Седьмые сутки шли полки берегом Кубани по Дмитриевскому шляху, что вёл из Екатеринодара на Ставрополь. В Усть–Лабинской крепости сутки отдыхали, получили на месяц провиант и тронулись дальше. Миновали Ладожский и Казанский редуты, впереди Кавказская крепость, а там четыре перехода — и Ставрополь.
В Ставропольском укреплении предстоял небольшой отдых, после чего полки должны были взять маршрут на Астрахань.
Версты на полторы растянулись сотни и обоз. Идти тяжело, грязь липкая, ноги засасывает, колеса по самую ступицу тонут, кони постромки рвут. Особенно трудно пластунам — казачьей пехоте.
Полковники Чернышев и Великий решили вести полки ночью, когда подмораживало.
Весь путь Собакарь, Шмалько и Половой старались держаться вместе — с разговорами вроде легче идти.

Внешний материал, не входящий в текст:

(* For all $u,v\in\mathfrak{A}^0_{\mathrm{G}}$, we have $u\sqcup\!\sqcup v\in\mathfrak{A}^0_{\mathrm{G}}$.
   Context: $\mathbb{Q}\langle\pi,y\rangle$ is the free noncommutative $\mathbb{Q}$-algebra on $\pi,y$ with unit $\mathbf{1}$, and $\rho=\pi-\mathbf{1}$. For integers $0\le t\le s$ set $z_{t,s}=\rho^t\pi^{s-t}y$. $\mathfrak{A}^0_{\mathrm{G}}$ is the $\mathbb{Q}$-span in $\mathbb{Q}\langle\pi,y\rangle$ of all products $z_{t_1,s_1}z_{t_2,s_2}\cdots z_{t_d,s_d}$ ($d\ge1$) with $1\le t_1\le s_1$ and $0\le t_j\le s_j$ for $j\ge2$. The shuffle $\sqcup\!\sqcup$ is the bilinear product on $\mathbb{Q}\langle\pi,y\rangle$ with $\mathbf{1}\sqcup\!\sqcup u=u\sqcup\!\sqcup\mathbf{1}=u$, $(yu)\sqcup\!\sqcup v=u\sqcup\!\sqcup(yv)=y(u\sqcup\!\sqcup v)$, $\pi u\sqcup\!\sqcup\pi v=\pi(u\sqcup\!\sqcup\pi v)+\pi(\pi u\sqcup\!\sqcup v)-\pi(u\sqcup\!\sqcup v)$ for words $u,v$. *)

From HB Require Import structures.
From mathcomp Require Import all_boot all_order all_algebra.
From mathcomp Require Import finmap.
From mathcomp.multinomials Require Import monalg.

Set Implicit Arguments.
Unset Strict Implicit.
Unset Printing Implicit Defensive.

Import GRing.Theory.
Local Open Scope ring_scope.

(* Letters: [true] stands for pi, [false] stands for y.  Words are [seq bool]. *)
(* The free noncommutative Q-algebra Q<pi,y> is the monoid algebra of the
   free monoid {fmonom bool} with rational coefficients. *)
Definition QPY := {malg rat[{fmonom bool}]}.

Definition pi_ : QPY := << fmu true >>.
Definition y_ : QPY := << fmu false >>.
Definition rho : QPY := pi_ - 1.

Definition letter (a : bool) : QPY := if a then pi_ else y_.
Definition word (w : seq bool) : QPY := \prod_(a <- w) letter a.

(* shuffle of two words, by the recursive rules of the paper:
   1 sh v = v, u sh 1 = u,
   (y u) sh v = u sh (y v) = y (u sh v),
   (pi u) sh (pi v) = pi(u sh pi v) + pi(pi u sh v) - pi(u sh v). *)
Fixpoint shw (u : seq bool) : seq bool -> QPY :=
  match u with
  | [::] => fun v => word v
  | a :: u' =>
      fix shv (v : seq bool) : QPY :=
        match v with
        | [::] => word (a :: u')
        | b :: v' =>
            if ~~ a then y_ * shw u' v
            else if ~~ b then y_ * shv v'
            else pi_ * shw u' v + pi_ * shv v' - pi_ * shw u' v'
        end
  end.

Definition shuffle (f g : QPY) : QPY :=
  \sum_(m <- msupp f) \sum_(n <- msupp g)
     (f@_m * g@_n) *: shw (fmonom_val m) (fmonom_val n).

Definition z (t s : nat) : QPY := rho ^+ t * pi_ ^+ (s - t) * y_.

Definition admissible (ix : seq (nat * nat)) : bool :=
  match ix with
  | [::] => false
  | p :: ix' => (0 < p.1)%N && (p.1 <= p.2)%N && all (fun q => (q.1 <= q.2)%N) ix'
  end.

Definition zprod (ix : seq (nat * nat)) : QPY := \prod_(q <- ix) z q.1 q.2.

Definition inA0G (u : QPY) : Prop :=
  exists c : seq (rat * seq (nat * nat)),
    all (fun p => admissible p.2) c /\ u = \sum_(p <- c) p.1 *: zprod p.2.

From HB Require Import structures.
From mathcomp Require Import all_boot all_order all_algebra.
From mathcomp Require Import finmap.
From mathcomp.multinomials Require Import monalg.

Set Implicit Arguments.
Unset Strict Implicit.
Unset Printing Implicit Defensive.

Import GRing.Theory.
Local Open Scope ring_scope.

(* Let Y be the span of the words ending in y.  A product z_{t_1,s_1} ... with
   t_1 >= 1 is rho times an element of Y, and conversely rho pi^k y w =
   z_{1,k+1} w where the word w, cut after each y, is a product of blocks
   pi^k y = z_{0,k}; hence A^0_G = rho Y.  As rho = pi - 1, the pi-pi rule of
   the shuffle gives, for words u and v,
     (rho u) sh (rho v) = rho (u sh pi v + pi u sh v - u sh v),
   and every shuffle of nonempty words ending in y lies in Y. *)

Section MalgBilinear.
Variables (K : choiceType) (R : comNzRingType) (V : lmodType R).
Variable F : K -> K -> V.

Definition malg_bilin (f g : {malg R[K]}) : V :=
  \sum_(m <- msupp f) \sum_(n <- msupp g) (f@_m * g@_n) *: F m n.

Lemma malg_bilinEw (d1 d2 : {fset K}) f g :
  (msupp f `<=` d1)%fset -> (msupp g `<=` d2)%fset ->
  malg_bilin f g = \sum_(m <- d1) \sum_(n <- d2) (f@_m * g@_n) *: F m n.
Proof.
move=> le1 le2; rewrite /malg_bilin (big_fset_incl _ le1); last first.
  move=> m _ /mcoeff_outdom->.
  by rewrite big1 // => n _; rewrite mul0r scale0r.
apply: eq_bigr => m _; rewrite (big_fset_incl _ le2) // => n _ /mcoeff_outdom->.
by rewrite mulr0 scale0r.
Qed.

Lemma malg_bilin_is_bilinear : bilinear_for *:%R *:%R malg_bilin.
Proof.
split=> [g a f1 f2 | f a g1 g2] /=.
- pose d := (msupp f1 `|` msupp f2)%fset.
  have le_d : (msupp (a *: f1 + f2) `<=` d)%fset.
    by apply: fsubset_trans (msuppD_le _ _) (fsetSU _ (msuppZ_le _ _)).
  rewrite (malg_bilinEw le_d (fsubset_refl _)).
  have le1 : (msupp f1 `<=` d)%fset := fsubsetUl _ _.
  have le2 : (msupp f2 `<=` d)%fset := fsubsetUr _ _.
  rewrite (malg_bilinEw le1 (fsubset_refl _)) (malg_bilinEw le2 (fsubset_refl _)).
  rewrite scaler_sumr -big_split; apply: eq_bigr => m _ /=.
  rewrite scaler_sumr -big_split; apply: eq_bigr => n _ /=.
  by rewrite mcoeffD mcoeffZ mulrDl scalerDl -mulrA scalerA.
- pose d := (msupp g1 `|` msupp g2)%fset.
  have le_d : (msupp (a *: g1 + g2) `<=` d)%fset.
    by apply: fsubset_trans (msuppD_le _ _) (fsetSU _ (msuppZ_le _ _)).
  rewrite (malg_bilinEw (fsubset_refl _) le_d).
  have le1 : (msupp g1 `<=` d)%fset := fsubsetUl _ _.
  have le2 : (msupp g2 `<=` d)%fset := fsubsetUr _ _.
  rewrite (malg_bilinEw (fsubset_refl _) le1) (malg_bilinEw (fsubset_refl _) le2).
  rewrite scaler_sumr -big_split; apply: eq_bigr => m _ /=.
  rewrite scaler_sumr -big_split; apply: eq_bigr => n _ /=.
  by rewrite mcoeffD mcoeffZ mulrDr scalerDl mulrCA scalerA.
Qed.

End MalgBilinear.

Section MalgAlgebra.
Variables (K : monomType) (R : comNzRingType).

Lemma mul_malgCr (c : R) (x : {malg R[K]}) : x * c%:MP = c *: x.
Proof.
rewrite malgM_def fgmulgU malgZ_def; apply: eq_bigr => k _.
by rewrite mulm1 mulrC.
Qed.

Lemma malg_scalerAr (c : R) (x y : {malg R[K]}) : c *: (x * y) = x * (c *: y).
Proof. by rewrite scalerAl -(mul_malgCr c x) -mulrA mul_malgC. Qed.

Lemma malg_basisE (x : {malg R[K]}) : x = \sum_(k <- msupp x) x@_k *: << k >>.
Proof.
rewrite {1}(monalgE x); apply: eq_bigr => k _.
by rewrite -mul_malgC malgM_def fgmulUU mulr1 mul1m.
Qed.

Lemma mul_malg_basisE (g x : {malg R[K]}) :
  g * x = \sum_(k <- msupp x) x@_k *: (g * << k >>).
Proof.
rewrite {1}[x]malg_basisE mulr_sumr; apply: eq_bigr => k _.
by rewrite malg_scalerAr.
Qed.

End MalgAlgebra.

HB.instance Definition _ := bilinear_isBilinear.Build rat QPY QPY QPY *:%R *:%R
  shuffle (malg_bilin_is_bilinear (fun m n : {fmonom bool} => shw m n)).

Lemma shuffleBl (g f1 f2 : QPY) : shuffle (f1 - f2) g = shuffle f1 g - shuffle f2 g.
Proof. exact: linearBl. Qed.

Lemma shuffleBr (f g1 g2 : QPY) : shuffle f (g1 - g2) = shuffle f g1 - shuffle f g2.
Proof. exact: linearBr. Qed.

Lemma shuffleZl (g : QPY) (c : rat) (f : QPY) : shuffle (c *: f) g = c *: shuffle f g.
Proof. exact: linearZl_LR. Qed.

Lemma shuffleZr (f : QPY) (c : rat) (g : QPY) : shuffle f (c *: g) = c *: shuffle f g.
Proof. exact: linearZr_LR. Qed.

Lemma shuffle_suml (I : Type) (r : seq I) (F : I -> QPY) (g : QPY) :
  shuffle (\sum_(i <- r) F i) g = \sum_(i <- r) shuffle (F i) g.
Proof. exact: linear_sumlz. Qed.

Lemma shuffle_sumr (I : Type) (r : seq I) (f : QPY) (F : I -> QPY) :
  shuffle f (\sum_(i <- r) F i) = \sum_(i <- r) shuffle f (F i).
Proof. exact: linear_sumr. Qed.


Lemma letterE (a : bool) : letter a = << fmu a >>.
Proof. by case: a. Qed.

Lemma mul_letter_monomial (a : bool) (m : {fmonom bool}) :
  letter a * << m >> = << FMonom (a :: m) >>.
Proof.
rewrite letterE malgM_def fgmulUU mulr1.
by congr << _ >>; apply: val_inj; rewrite /= fmM fmU.
Qed.

Lemma word_monomial (w : seq bool) : word w = << FMonom w >>.
Proof.
elim: w => [|a w IHw]; last by rewrite /word big_cons -/(word w) IHw mul_letter_monomial.
by rewrite /word big_nil -mpolyC1E; congr << _ >>; apply: val_inj; rewrite /= fm1.
Qed.

Lemma rho_mul_monomial (m : {fmonom bool}) :
  rho * << m >> = << FMonom (true :: m) >> - << m >>.
Proof. by rewrite mulrBl mul1r (mul_letter_monomial true). Qed.

Lemma shw_pi_pi (u v : seq bool) :
  shw (true :: u) (true :: v)
  = pi_ * shw u (true :: v) + pi_ * shw (true :: u) v - pi_ * shw u v.
Proof. by []. Qed.

Lemma shuffle_monomial (m n : {fmonom bool}) : shuffle << m >> << n >> = shw m n.
Proof. by rewrite /shuffle !msuppU1 !big_seq_fset1 !mcoeffU1 !eqxx mulr1 scale1r. Qed.

Lemma shuffle_rho_monomial (m n : {fmonom bool}) :
  shuffle (rho * << m >>) (rho * << n >>)
  = rho * (shw m (true :: n) + shw (true :: m) n - shw m n).
Proof.
rewrite !rho_mul_monomial shuffleBl !shuffleBr !shuffle_monomial shw_pi_pi.
rewrite mulrBl mul1r !mulrDr mulrN -addrA; congr (_ + _).
by rewrite addrC -opprD addrAC.
Qed.

(* [last b w] is the last letter of [w], or [b] if [w] is empty; [false] is y. *)
Definition y_final (w : seq bool) : bool := ~~ last true w.

Definition nil_or_y_final (w : seq bool) : bool := ~~ last false w.

Lemma y_final_nil_or (w : seq bool) : y_final w -> nil_or_y_final w.
Proof. by case: w. Qed.

Lemma nil_or_y_final_cons (a : bool) (w : seq bool) :
  nil_or_y_final (a :: w) -> nil_or_y_final w.
Proof. by case: w. Qed.

Definition yspan (x : QPY) : Prop := {in msupp x, forall m : {fmonom bool}, y_final m}.

Lemma yspan0 : yspan 0.
Proof. by move=> m; rewrite msupp0 inE. Qed.

Lemma yspanD (x1 x2 : QPY) : yspan x1 -> yspan x2 -> yspan (x1 + x2).
Proof.
move=> y1 y2 m /(fsubsetP (msuppD_le x1 x2)); rewrite inE => /orP[].
  exact: y1.
exact: y2.
Qed.

Lemma yspanB (x1 x2 : QPY) : yspan x1 -> yspan x2 -> yspan (x1 - x2).
Proof. by move=> y1 y2; apply: yspanD => // m; rewrite msuppN; apply: y2. Qed.

Lemma yspanZ (c : rat) (x : QPY) : yspan x -> yspan (c *: x).
Proof. by move=> yx m /(fsubsetP (msuppZ_le c x)); apply: yx. Qed.

Lemma yspanMl (g x : QPY) : yspan x -> yspan (g * x).
Proof.
move=> yx m /msuppM_le [k1 [k2 [_ /yx yk2 ->]]].
by rewrite /y_final fmM last_cat; case: (fmonom_val k2) yk2.
Qed.

Lemma yspan_word (w : seq bool) : y_final w -> yspan (word w).
Proof. by move=> yw m; rewrite word_monomial msuppU1 inE => /eqP ->. Qed.

Lemma yspan_y : yspan y_.
Proof. by move=> m; rewrite msuppU1 inE => /eqP ->; rewrite /y_final fmU. Qed.

Lemma yspan_shw (u v : seq bool) :
  nil_or_y_final u -> nil_or_y_final v -> (u != [::]) || (v != [::]) ->
  yspan (shw u v).
Proof.
elim: u v => [|a u IHu] v yu; first by case: v => // b v yv _; apply: yspan_word.
have yu' := nil_or_y_final_cons yu.
elim: v => [|b v IHv] yv _; first exact: yspan_word.
have yv' := nil_or_y_final_cons yv.
have {}IHv := IHv yv' isT.
case: a yu IHv => yu IHv /=; last by apply: yspanMl; apply: IHu; rewrite ?orbT.
case: b yv IHv => yv IHv; last exact: yspanMl.
have u0 : u != [::] by apply: contraTneq yu => ->.
apply: yspanB; first apply: yspanD.
- by apply: yspanMl; apply: IHu; rewrite ?orbT.
- exact: yspanMl.
- by apply: yspanMl; apply: IHu; rewrite ?u0.
Qed.

Definition zspan (P : pred (seq (nat * nat))) (u : QPY) : Prop :=
  exists c : seq (rat * seq (nat * nat)),
    all (fun p => P p.2) c /\ u = \sum_(p <- c) p.1 *: zprod p.2.

Section ZSpan.
Variable P : pred (seq (nat * nat)).

Lemma zspan0 : zspan P 0.
Proof. by exists [::]; rewrite big_nil. Qed.

Lemma zspanD (u v : QPY) : zspan P u -> zspan P v -> zspan P (u + v).
Proof.
move=> [c1 [P1 ->]] [c2 [P2 ->]]; exists (c1 ++ c2).
by rewrite all_cat P1 P2 big_cat.
Qed.

Lemma zspanZ (a : rat) (u : QPY) : zspan P u -> zspan P (a *: u).
Proof.
move=> [c [Pc ->]]; exists [seq (a * p.1, p.2) | p <- c]; rewrite all_map.
split=> //; rewrite big_map scaler_sumr; apply: eq_bigr => p _.
by rewrite scalerA.
Qed.

Lemma zspan_sum (I : eqType) (r : seq I) (F : I -> QPY) :
  (forall i, i \in r -> zspan P (F i)) -> zspan P (\sum_(i <- r) F i).
Proof.
by move=> PF; rewrite big_seq; apply: big_ind => //; [apply: zspan0 | apply: zspanD].
Qed.

Lemma zspan1 : P [::] -> zspan P 1.
Proof. by exists [:: (1, [::])]; rewrite /= andbT big_seq1 scale1r /zprod big_nil. Qed.

Lemma zspan_mulz (Q : pred (seq (nat * nat))) (t s : nat) (u : QPY) :
  (forall r, Q r -> P ((t, s) :: r)) -> zspan Q u -> zspan P (z t s * u).
Proof.
move=> QP [c [Qc ->]]; exists [seq (p.1, (t, s) :: p.2) | p <- c].
rewrite all_map; split; first by apply: sub_all Qc => p /QP.
rewrite big_map mulr_sumr; apply: eq_bigr => p _.
by rewrite -malg_scalerAr /zprod big_cons.
Qed.

End ZSpan.

Definition weakly_admissible (ix : seq (nat * nat)) : bool :=
  all (fun q => q.1 <= q.2)%N ix.

Lemma word_cons (a : bool) (w : seq bool) : word (a :: w) = letter a * word w.
Proof. by rewrite /word big_cons. Qed.

Lemma zspan_pi_word (k : nat) (w : seq bool) :
  y_final w -> zspan weakly_admissible (pi_ ^+ k * word w).
Proof.
elim: w k => [|[] w IHw] k //= yw.
  have -> : pi_ ^+ k * word (true :: w) = pi_ ^+ k.+1 * word w.
    by rewrite word_cons [LHS]mulrA -exprSr.
  exact: IHw.
have -> : pi_ ^+ k * word (false :: w) = z 0 k * word w.
  by rewrite word_cons /z expr0 mul1r subn0 [LHS]mulrA.
apply: (zspan_mulz (Q := weakly_admissible)) => //; case: w IHw yw => [_ _|b w IHw yw].
  by rewrite /word big_nil; apply: zspan1.
by have := IHw 0%N yw; rewrite expr0 mul1r.
Qed.

Lemma zspan_word (w : seq bool) : nil_or_y_final w -> zspan weakly_admissible (word w).
Proof.
case: w => [_|a w yw]; first by rewrite /word big_nil; apply: zspan1.
by have := @zspan_pi_word 0 (a :: w) yw; rewrite expr0 mul1r.
Qed.

Lemma inA0G_rho_pi_word (k : nat) (w : seq bool) :
  y_final w -> inA0G (rho * (pi_ ^+ k * word w)).
Proof.
elim: w k => [|[] w IHw] k //= yw.
  have -> : pi_ ^+ k * word (true :: w) = pi_ ^+ k.+1 * word w.
    by rewrite word_cons [LHS]mulrA -exprSr.
  exact: IHw.
have -> : rho * (pi_ ^+ k * word (false :: w)) = z 1 k.+1 * word w.
  by rewrite word_cons /z expr1 subSS subn0 [LHS]mulrA [LHS]mulrA.
by apply: (zspan_mulz (Q := weakly_admissible)) => //; apply: zspan_word.
Qed.

Lemma inA0G_rho_yspan (x : QPY) : yspan x -> inA0G (rho * x).
Proof.
move=> yx; rewrite mul_malg_basisE; apply: zspan_sum => m xm; apply: zspanZ.
have := inA0G_rho_pi_word 0 (yx m xm).
by rewrite expr0 mul1r word_monomial fmK.
Qed.

Lemma yspan_mulr_zprod (x : QPY) (r : seq (nat * nat)) :
  yspan x -> yspan (x * zprod r).
Proof.
elim: r x => [|q r IHr] x yx; first by rewrite /zprod big_nil mulr1.
rewrite /zprod big_cons mulrA; apply: IHr.
by rewrite /z mulrA; exact/yspanMl/yspan_y.
Qed.

Lemma inA0G_rho_dvd (u : QPY) : inA0G u -> exists2 x, yspan x & u = rho * x.
Proof.
move=> [c [adm_c ->]]; elim: c adm_c => [_|[a [|[[|t] s] r]] c IHc] //=.
  by exists 0; [exact: yspan0 | rewrite big_nil mulr0].
case/andP=> _ /IHc[x yx ex]; rewrite big_cons ex.
exists (a *: (rho ^+ t * pi_ ^+ (s - t.+1) * y_ * zprod r) + x).
  by apply: yspanD => //; apply/yspanZ/yspan_mulr_zprod/yspanMl/yspan_y.
rewrite mulrDr -malg_scalerAr /zprod big_cons /z exprS /=.
by rewrite !mulrA.
Qed.

Lemma inA0G_shuffle_rho_monomial (m n : {fmonom bool}) :
  y_final m -> y_final n -> inA0G (shuffle (rho * << m >>) (rho * << n >>)).
Proof.
move=> ym yn; rewrite shuffle_rho_monomial; apply: inA0G_rho_yspan.
have ym0 := y_final_nil_or ym; have yn0 := y_final_nil_or yn.
have ym1 : nil_or_y_final (true :: m) := ym.
have yn1 : nil_or_y_final (true :: n) := yn.
have m0 : fmonom_val m != [::] by apply: contraTneq ym => ->.
by apply: yspanB; [apply: yspanD|]; apply: yspan_shw; rewrite ?m0 ?orbT.
Qed.

Theorem proposition9p1 (u v : QPY) :
  inA0G u -> inA0G v -> inA0G (shuffle u v).
Proof.
move=> /inA0G_rho_dvd[x yx ->] /inA0G_rho_dvd[y yy ->].
rewrite [rho * x]mul_malg_basisE shuffle_suml; apply: zspan_sum => m xm.
rewrite shuffleZl; apply: zspanZ.
rewrite [rho * y]mul_malg_basisE shuffle_sumr; apply: zspan_sum => n yn.
rewrite shuffleZr; apply: zspanZ.
exact: inA0G_shuffle_rho_monomial (yx m xm) (yy n yn).
Qed.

Шли обочиной дороги, по непримятому снегу, перебрасывались шутками.
— А что, дядько Никита, где тебе лучше, тут либо на Украине? — спросил Ефим.
— По мне, везде одинаково.
— А все ж на Днепре краще. — Осип с грустью глянул из‑под нависших бровей на талый снег, местами открывший землю, степь без начала и конца и видневшиеся вдали холмы. — Там весна придёт, зацветут сады… Люблю, когда цветут яблони… Цвет белый и вроде розовинка в нём, а дух что на хмелю настоян.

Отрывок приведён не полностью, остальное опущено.